Er hatte nicht viel, um seinen Auftrag zu erfüllen. Keine Flotte, keine großen Befugnisse, all das hatte sie ihm nicht mitgeben können. Nur ein königliches Siegel, das ihm zumindest ein wenig Unterstützung versprach und die Aussicht auf ein kleines Schiff mit einer hoffentich fähigen Crew. Er sollte auskundschaften, ein bisschen spionieren, aber wenn er ehrlich zu sich war, das würde ihm nicht reichen. Er wollte das Problem beseitigen, die Flotte wieder sicher machen und dann so schnell wie möglich wieder in den Schoß seiner Königin sinken.

Bald wurden sie da sein und dann konnte er endlich aktiv werden. Dieses Warten gefiel ihm gar nicht, schon gar nicht auf so einem unzuverlässigen Gefährt.

Karvanté hasste Schiffe immer noch. Jetzt waren sie schon endlich in der Karibik angekommen und hatte nichts besseres zu tun, als irgendwelche Postsäcke auszuladen und durch die Häfen zu tingeln. Wer sollte hier denn schon auf Post warten?

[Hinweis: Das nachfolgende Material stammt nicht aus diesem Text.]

(* Let $p$ be an odd prime, let $n\geq m$ be positive integers, and let $G=\langle a,b\mid a^{p^n}=b^{p^m}=1,\ ab=ba\rangle\cong C_{p^n}\times C_{p^m}$. Then: \begin{enumerate} \item $G$ has exactly one irreducible rational representation of degree $1$ (up to equivalence). \item For each $r$ with $1\leq r\leq m$, $G$ has exactly $2\sum_{k=0}^{r-1}\phi(p^k)+\phi(p^r)=p^r+p^{r-1}$ inequivalent irreducible rational representations of degree $\phi(p^r)$. \item For each $r$ with $m<r\leq n$, $G$ has exactly $\sum_{k=0}^{m}\phi(p^k)=p^m$ inequivalent irreducible rational representations of degree $\phi(p^r)$. \end{enumerate}
   Context: $\phi$ denotes Euler's totient function. An irreducible rational representation means an irreducible representation over $\mathbb{Q}$. *)

From mathcomp Require Import all_boot all_order all_algebra all_fingroup all_solvable.
From mathcomp Require Import gproduct mxrepresentation.
Set Implicit Arguments. Unset Strict Implicit. Unset Printing Implicit Defensive.

Definition irr_count_of_degree (F : fieldType) (gT : finGroupType)
    (G : {group gT}) (d N : nat) : Prop :=
  exists reps : 'I_N -> mx_representation F G d,
    [/\ forall i, mx_irreducible (reps i),
        forall i j, mx_rsim (reps i) (reps j) -> i = j
      & forall rG : mx_representation F G d, mx_irreducible rG ->
          exists i, mx_rsim rG (reps i)].
Lemma rearr_defect_vanishes (theta : R -> R) (g : R -> C) (M : R) :
  cont_on 0 1 theta -> ucont01 g -> (forall s, inI 0 1 s -> Cmod (g s) <= M) -> g 0 = 0%C ->
  (exists k, theta 0 = 2 * PI * IZR k) -> 2 * PI <= Rabs (theta 1 - theta 0) ->
  sqrt (2 * (1 - cos (theta 1))) * M <= Cmod (g 1) ->
  exists a b, 0 <= a <= b /\ b <= 1 /\
    rearr_defect (cis (theta a)) (cis (theta b)) (cis (theta 1)) (g a) (g b) (g 1) = 0%C.
Proof.
  intros Hth Hg HgM Hg0 [k Hk] Hturn Hlong.
  set (e s := cis (theta s)).
  destruct (classic (g 1 = 0%C)) as [G1|G1].
  { exists 0, 0; split; [lra | split; [lra|]]; unfold rearr_defect; rewrite G1; ring. }
  assert (HM : 0 <= M) by (eapply Rle_trans; [apply Cmod_ge_0 | apply (HgM 0); unfold inI; lra]).
  destruct (homotopy_vanishes
              (fun a t => let b := a + t * (1 - a) in
                          rearr_defect (e a) (e b) (e 1) (g a) (g b) (g 1))
              (fun a => theta 1 - theta a)) as [a [t [Ha [Ht Hz]]]].
  - apply rearr_defect_homotopy_ucont with M;
      [apply ucont01_cis, Hth | exact Hg | intros; apply Cmod_cis | exact HgM].
  - apply (cont_on_comp (fun x => theta 1 - x)); [| exact Hth].
    intros x; apply continuity_pt_minus;
      [apply continuity_pt_const; intros ? ?; reflexivity | apply continuity_pt_id].
  - intros a Ha; simpl.
    replace (a + 1 * (1 - a)) with 1 by ring; replace (a + 0 * (1 - a)) with a by ring.
    replace (rearr_defect (e a) (e 1) (e 1) (g a) (g 1) (g 1)) with (e 1 * g 1)%C
      by (unfold rearr_defect; ring).
    replace (rearr_defect (e a) (e a) (e 1) (g a) (g a) (g 1)) with (e a * g 1)%C
      by (unfold rearr_defect; ring).
    replace (e 1 * g 1 * Cconj (e a * g 1))%C
      with (RtoC (Cmod (g 1) * Cmod (g 1)) * (e 1 * Cconj (e a)))%C
      by (rewrite <- Cmult_Cconj_r, Cmult_conj; ring).
    assert (0 < Cmod (g 1)) by (apply Cmod_gt_0, G1).
    apply is_arg_scal_pos; [nra|].
    replace (theta 1 - theta a) with (theta 1 + - theta a) by ring.
    apply is_arg_mult, is_arg_conj; apply is_arg_cis.
  - intros t Ht; simpl; replace (1 + t * (1 - 1)) with 1 by ring.
    replace (1 + 0 * (1 - 1)) with 1 by ring; reflexivity.
  - ring.
  - exists (g 1); intros t Ht; simpl; replace (0 + t * (1 - 0)) with t by ring.
    assert (He0 : e 0 = 1%C) by (unfold e; rewrite Hk; apply cis_2PI_mult).
    replace (rearr_defect (e 0) (e t) (e 1) (g 0) (g t) (g 1) - g 1)%C
      with (- ((1 - e 1) * g t))%C by (unfold rearr_defect; rewrite He0, Hg0; ring).
    rewrite Cmod_opp, Cmod_mult; unfold e; rewrite Cmod_1_minus_cis.
    eapply Rle_trans; [| exact Hlong].
    apply Rmult_le_compat_l; [apply sqrt_pos | apply HgM, Ht].
  - lra.
  - exists a, (a + t * (1 - a)); unfold inI in *; split; [nra | split; [nra | exact Hz]].
Qed.

(** * Rearranged curves *)

Lemma vscale_Cmult (k : R) (p : vec) : vscale k p = (RtoC k * p)%C.
Proof. destruct p; unfold vscale, Cmult, RtoC; simpl; f_equal; ring. Qed.

Lemma rot_Cmult (u v x : vec) : rot u v x = (v * Cconj u * x)%C.
Proof. destruct u, v, x; unfold rot, Cmult, Cconj; simpl; f_equal; ring. Qed.

Lemma vscale_rot (k : R) (u v x : vec) : vscale k (rot u v x) = rot u v (vscale k x).
Proof. destruct u, v, x; unfold vscale, rot; simpl; f_equal; ring. Qed.

Lemma concat_apos_end (c : R) (al be : arc) (s : R) :
  lo al <= hi al -> lo be <= hi be -> s = hi al - lo al + (hi be - lo be) ->
  apos (concat c al be) s =
  vadd (apos al (hi al))
       (rot (vscale (/ c) (atan_ be (lo be))) (vscale (/ c) (atan_ al (hi al)))
            (vsub (apos be (hi be)) (apos be (lo be)))).
Proof.
  intros Hal Hbe ->; unfold concat; simpl; destruct Rle_dec as [Hle|Hgt].
  - replace (hi be) with (lo be) by lra.
    replace (hi al - lo al + (lo be - lo be) + lo al) with (hi al) by ring.
    destruct (apos al (hi al)), (apos be (lo be)); unfold vadd, vsub, rot; simpl; f_equal; ring.
  - replace (hi al - lo al + (hi be - lo be) - (hi al - lo al) + lo be) with (hi be) by ring.
    reflexivity.
Qed.

Lemma concat_atan_end (c : R) (al be : arc) (s : R) :
  0 < c -> lo al <= hi al -> lo be <= hi be -> Cmod (atan_ be (lo be)) = c ->
  s = hi al - lo al + (hi be - lo be) ->
  atan_ (concat c al be) s =
  rot (vscale (/ c) (atan_ be (lo be))) (vscale (/ c) (atan_ al (hi al))) (atan_ be (hi be)).
Proof.
  intros Hc Hal Hbe Hspeed ->; unfold concat; simpl; destruct Rle_dec as [Hle|Hgt].
  - replace (hi be) with (lo be) by lra.
    replace (hi al - lo al + (lo be - lo be) + lo al) with (hi al) by ring.
    rewrite rot_Cmult, !vscale_Cmult, Cmult_conj.
    replace (Cconj (RtoC (/ c))) with (RtoC (/ c)) by (unfold Cconj, RtoC; simpl; f_equal; ring).
    set (w := atan_ be (lo be)) in *; set (x := atan_ al (hi al)).
    replace (RtoC (/ c) * x * (RtoC (/ c) * Cconj w) * w)%C
      with (RtoC (/ c * / c * (Cmod w * Cmod w)) * x)%C
      by (rewrite (RtoC_mult (/ c * / c)), (RtoC_mult (/ c)), <- Cmult_Cconj_r; ring).
    rewrite Hspeed; replace (/ c * / c * (c * c)) with 1 by (field; lra).
    symmetry; apply Cmult_1_l.
  - replace (hi al - lo al + (hi be - lo be) - (hi al - lo al) + lo be) with (hi be) by ring.
    reflexivity.
Qed.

Als er sich endlich durch die Behören gekämpft hatte (was auch mit einem königlichen Siegel sehr langwierig und nervenaufreibend war) und schließlich sein eigenes Schiff, seine Mannschaft, Waffen und Mittel hatte und zumindest einen groben Plan, wer für die Überfälle verantwortlich, beglückwünschte er sich selbst zu seinen Fortschritten.

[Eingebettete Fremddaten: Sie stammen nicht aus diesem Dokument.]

Lemma coprimep_rootsP P Q :
  reflect (forall t, root (map_poly f P) t -> ~~ root (map_poly f Q) t) (coprimep P Q).
Proof.
rewrite -(coprimep_map f) coprimep_def; apply: (iffP idP) => [/eqP s1 t rP | no_common].
  apply/negP => rQ; suff : size (gcdp (map_poly f P) (map_poly f Q)) != 1 by rewrite s1.
  by apply/closed_rootP; exists t; rewrite root_gcd rP.
by apply: contraT => /closed_rootP[t]; rewrite root_gcd => /andP[/no_common/negPf->].
Qed.

Lemma coprime_factor_dvdp G H G' H' Q : G * H %= G' * H' -> coprimep Q G' ->
  (forall t, root (map_poly f H) t -> root (map_poly f Q) t) -> G' %| G.
Proof.
move=> eqGH /coprimep_rootsP cop_QG' rootsH.
have cop_G'H : coprimep G' H.
  by apply/coprimep_rootsP => t rG'; apply: contraL rG' => /rootsH /cop_QG'.
by rewrite -(Gauss_dvdpl _ cop_G'H) (eqp_dvdr _ eqGH) dvdp_mulIl.
Qed.

End ClosedFieldRoots.

Lemma cofactors_neq0 (S : idomainType) (u1 u2 v1 v2 c : S) :
  u1 = v1 * c -> u2 = v2 * c -> u1 != 0 \/ u2 != 0 -> (v1 != 0 \/ v2 != 0) /\ c != 0.
Proof.
by move=> -> ->; case; rewrite mulf_eq0 negb_or => /andP[nz_v ->]; split=> //; [left | right].
Qed.

Section BinaryForms.
Variable R : rcfType.
Implicit Types (a b c p q : {mpoly R[2]}).

Lemma fdvd0 a : fdvd a 0.
Proof. by exists 0; rewrite mul0r; split=> //; apply/homogP; exists 0%N; apply: dhomog0. Qed.

Lemma fdvd_neq0 c a : fdvd c a -> a != 0 -> c != 0.
Proof. by case=> w [_ ->]; apply: contraNneq => ->; rewrite mulr0. Qed.

Lemma fdvdP n m a b : a \is n.-homog -> b \is m.-homog -> a != 0 -> b != 0 ->
  fdvd a b <-> dehomog a %| dehomog b /\ (mult_inf n a <= mult_inf m b)%N.
Proof.
move=> ha hb nz_a nz_b; split=> [[w [/homogP[r hw] def_b]] | [dvAB le_ab]].
  have nz_w : w != 0 by apply: contraNneq nz_b => w0; rewrite def_b w0 mul0r.
  have hwa := dhomogM hw ha; rewrite -def_b in hwa.
  rewrite (dhomog_uniq nz_b hb hwa) def_b (mult_infM hw ha) // leq_addl.
  by split; rewrite // dehomogM dvdp_mull.
have [W def_B] : exists W, dehomog b = W * dehomog a.
  by exists (dehomog b %/ dehomog a); rewrite divpK.
have nz_W : W != 0 by apply: contraNneq nz_b => W0; rewrite -(dehomog_eq0 hb) def_B W0 mul0r.
have size_W : (size W + size (dehomog a) = size (dehomog b) + 1)%N.
  have nz_A : dehomog a != 0 by rewrite (dehomog_eq0 ha).
  by rewrite def_B size_mul // addn1 prednK // addn_gt0 size_poly_gt0 nz_W.
have sa := size_dehomog_add_mult_inf ha; have sb := size_dehomog_add_mult_inf hb.
have sW_pos : (0 < size W)%N by rewrite size_poly_gt0.
have le_nm : (n <= m)%N by size_lia.
have [w hw dw] : exists2 w, w \is (m - n).-homog & dehomog w = W.
  by apply: homogenizeP; size_lia.
exists w; split; first exact: homogE hw.
have := dhomogM hw ha; rewrite subnK // => hwa.
by apply: (dehomog_inj hb hwa); rewrite dehomogM dw.
Qed.

(* The multiplicity at infinity of a gcd of [a] and [b]; a zero form imposes no constraint. *)
Definition gcd_mult_inf n m a b :=
  if a == 0 then mult_inf m b
  else if b == 0 then mult_inf n a
  else minn (mult_inf n a) (mult_inf m b).

Lemma gcd_mult_inf_min n a b : a \is n.-homog -> b \is n.-homog ->
  gcd_mult_inf n n a b = minn (mult_inf n a) (mult_inf n b).
Proof.
move=> ha hb; have sa := size_dehomog ha; have sb := size_dehomog hb.
rewrite /gcd_mult_inf /mult_inf.
by case: eqP => [->|_]; [|case: eqP => [->|_]]; rewrite // raddf0 size_poly0; lia.
Qed.

Definition gcd_deg n m a b :=
  ((size (gcdp (dehomog a) (dehomog b))).-1 + gcd_mult_inf n m a b)%N.

Definition fgcd n m a b : {mpoly R[2]} :=
  homogenize (gcd_deg n m a b) (gcdp (dehomog a) (dehomog b)).

Section FormGcd.
Variables (n m : nat) (a b : {mpoly R[2]}).
Hypotheses (ha : a \is n.-homog) (hb : b \is m.-homog) (nz_ab : a != 0 \/ b != 0).
Local Notation D := (gcdp (dehomog a) (dehomog b)).
Local Notation E := (gcd_mult_inf n m a b).

Lemma gcdp_dehomog_neq0 : D != 0.
Proof.
by rewrite gcdp_eq0 (dehomog_eq0 ha) (dehomog_eq0 hb) negb_and; case: nz_ab => ->; rewrite ?orbT.
Qed.

Lemma common_fdvdP r c : c \is r.-homog -> c != 0 ->
  fdvd c a /\ fdvd c b <-> dehomog c %| D /\ (mult_inf r c <= E)%N.
Proof.
move=> hc nz_c; rewrite dvdp_gcd /gcd_mult_inf.
have [a0 | nz_a] := eqVneq a 0.
  have nz_b : b != 0 by case: nz_ab; rewrite // a0 eqxx.
  rewrite a0 (fdvdP hc hb nz_c nz_b) raddf0 dvdp0.
  by split=> [[_ //] | dv]; split=> //; apply: fdvd0.
have [b0 | nz_b] := eqVneq b 0.
  rewrite b0 (fdvdP hc ha nz_c nz_a) raddf0 dvdp0 andbT.
  by split=> [[] // | dv]; split=> //; apply: fdvd0.
rewrite (fdvdP hc ha nz_c nz_a) (fdvdP hc hb nz_c nz_b) leq_min.
by split=> [[[-> ->] [-> ->]] | [/andP[-> ->] /andP[-> ->]]].
Qed.

Lemma msize_common_fdvd c : c \is homog mdeg -> fdvd c a -> fdvd c b ->
  (msize c <= size D + E)%N.
Proof.
move=> /homogP[r hc] dva dvb; have [-> | nz_c] := eqVneq c 0; first by rewrite msize0.
have [/(dvdp_leq gcdp_dehomog_neq0) le_size le_mult] :=
  (common_fdvdP hc nz_c).1 (conj dva dvb).
by rewrite (msize_homog hc nz_c) -(size_dehomog_add_mult_inf hc) leq_add.
Qed.

Lemma fgcd_homog : fgcd n m a b \is (gcd_deg n m a b).-homog.
Proof. exact: homogenize_homog. Qed.

Lemma dehomog_fgcd : dehomog (fgcd n m a b) = D.
Proof.
have := size_poly_gt0 D; rewrite gcdp_dehomog_neq0.
by rewrite homogenizeK // /gcd_deg; size_lia.
Qed.

Lemma fgcd_neq0 : fgcd n m a b != 0.
Proof. by rewrite -(dehomog_eq0 fgcd_homog) dehomog_fgcd gcdp_dehomog_neq0. Qed.

Lemma mult_inf_fgcd : mult_inf (gcd_deg n m a b) (fgcd n m a b) = E.
Proof.
have := size_poly_gt0 D; rewrite gcdp_dehomog_neq0.
by rewrite /mult_inf dehomog_fgcd /gcd_deg; size_lia.
Qed.

Lemma is_gcdP r c : c \is r.-homog ->
  is_gcd a b c <-> [/\ c != 0, dehomog c %= D & mult_inf r c = E].
Proof.
move=> hc; have sc := size_dehomog_add_mult_inf hc.
have [dv0a dv0b] : fdvd (fgcd n m a b) a /\ fdvd (fgcd n m a b) b.
  by apply/(common_fdvdP fgcd_homog fgcd_neq0); rewrite dehomog_fgcd mult_inf_fgcd.
have msize_fgcd : msize (fgcd n m a b) = (size D + E)%N.
  rewrite (msize_homog fgcd_homog fgcd_neq0) -(size_dehomog_add_mult_inf fgcd_homog).
  by rewrite dehomog_fgcd mult_inf_fgcd.
split=> [[_ dvca dvcb max_c] | [nz_c eq_cD mc]].
  have nz_c : c != 0 by case: nz_ab => [/(fdvd_neq0 dvca) | /(fdvd_neq0 dvcb)].
  have [dv_cD le_mc] := (common_fdvdP hc nz_c).1 (conj dvca dvcb).
  have le_sc : (size (dehomog c) <= size D)%N := dvdp_leq gcdp_dehomog_neq0 dv_cD.
  have := max_c _ (homogE fgcd_homog) dv0a dv0b.
  rewrite msize_fgcd (msize_homog hc nz_c) => le_D; split=> //; last by size_lia.
  by rewrite -dvdp_size_eqp //; apply/eqP; size_lia.
have [dvca dvcb] : fdvd c a /\ fdvd c b.
  by apply/(common_fdvdP hc nz_c); rewrite (eqp_dvdl _ eq_cD) dvdpp mc.
split=> // [|c' hc' dvc'a dvc'b]; first exact: homogE hc.
rewrite (msize_homog hc nz_c) -(size_dehomog_add_mult_inf hc) (eqp_size eq_cD) mc.
exact: msize_common_fdvd.
Qed.

Lemma is_gcd_fgcd : is_gcd a b (fgcd n m a b).
Proof. by apply/(is_gcdP fgcd_homog); rewrite fgcd_neq0 dehomog_fgcd eqpxx mult_inf_fgcd. Qed.

End FormGcd.

Lemma is_gcd_unique n m a b c c' : a \is n.-homog -> b \is m.-homog -> a != 0 \/ b != 0 ->
  is_gcd a b c -> is_gcd a b c' -> exists2 l, l != 0 & c' = l *: c.
Proof.
move=> ha hb nz_ab gc gc'.
have [/homogP[r hc] _ _ _] := gc; have [/homogP[r' hc'] _ _ _] := gc'.
have [nz_c eq_c mc] := (is_gcdP ha hb nz_ab hc).1 gc.
have [_ eq_c' mc'] := (is_gcdP ha hb nz_ab hc').1 gc'.
have eq_cc' : dehomog c' %= dehomog c by rewrite (eqp_trans eq_c') // eqp_sym.
by have [] := homog_eqp_scale hc' hc nz_c eq_cc' (etrans mc' (esym mc)).
Qed.

Lemma is_gcd1P n m a b : a \is n.-homog -> b \is m.-homog -> a != 0 \/ b != 0 ->
  is_gcd a b 1 <-> coprimep (dehomog a) (dehomog b) /\ gcd_mult_inf n m a b = 0%N.
Proof.
move=> ha hb nz_ab; rewrite (is_gcdP ha hb nz_ab (dhomog1 _ _)) rmorph1 eqp_sym gcdp_eqp1.
by rewrite /mult_inf rmorph1 size_poly1 subnn oner_neq0; split=> [[_ -> <-] | [-> <-]].
Qed.

End BinaryForms.

Section Decomposition.
Variable R : rcfType.
Implicit Types (c g h p q u v : {mpoly R[2]}).
Local Notation toC := (real_complex R).

Lemma mult_inf_sqr_add_eq0 n v1 v2 : v1 \is n.-homog -> v2 \is n.-homog ->
  v1 != 0 \/ v2 != 0 -> is_gcd v1 v2 1 -> mult_inf (n * 2) (v1 ^+ 2 + v2 ^+ 2) = 0%N.
Proof.
move=> hv1 hv2 nz_v /(is_gcd1P hv1 hv2 nz_v)[_].
by rewrite mult_inf_sqr_add // (gcd_mult_inf_min hv1 hv2) => ->.
Qed.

Nun würde er auf die Jagd gehen.

Seine Erkundigungen hatte ergeben, dass so gut wie alle Überfälle auf französische Schiffe auf das Konto eines englischen Freibeuters gingen, der offensichtlich bestens über die geplanten Routen der Händler Bescheid wusste. Es war ein wenig so, als könnte er vorhersehen, wann wo welches Schiff lossegeln würde und welches dieser Schiffe am wenigsten bewacht sein würde. Im Gegenzug war es völlig unmöglich, herauszufinden wo dieser Mann herkam oder wohin er danach wieder verschwand. Die Basis der meisten Piratenaktivitäten war eine kleine Insel vor Jamaika, die Tortuga genannt wurde. Aber dorthin zu gelangen, oder gar nur Spione auszusenden, war völlig unmöglich und grenzte an Selbstmord. Hier und da konnte er von Reisenden, Händlern und allerlei zielichtigem Volk zusammentragen, was für eine Sorte Pirat das war. Keiner von den bekannten Gesellen, nicht Blackbeard, nicht Henry Morgan, diese beiden trieben ihr Unwesen weiterhin mit den Spaniern. Francis Drake war ein noch recht unbekannter junger Mann, das Schiff schien er mit seinem eigenen Geld gekauft zu haben, seine Herkunft wies zu einem kleinen Gut in Südengland, alter wenn auch nicht besonders einflussreicher Landadel. Karvanté nahm sich vor, nach seiner Rückkehr etwas mehr über diese Familie herauszufinden, sofern er hier keine schnellen Erfolge verbuchen konnte.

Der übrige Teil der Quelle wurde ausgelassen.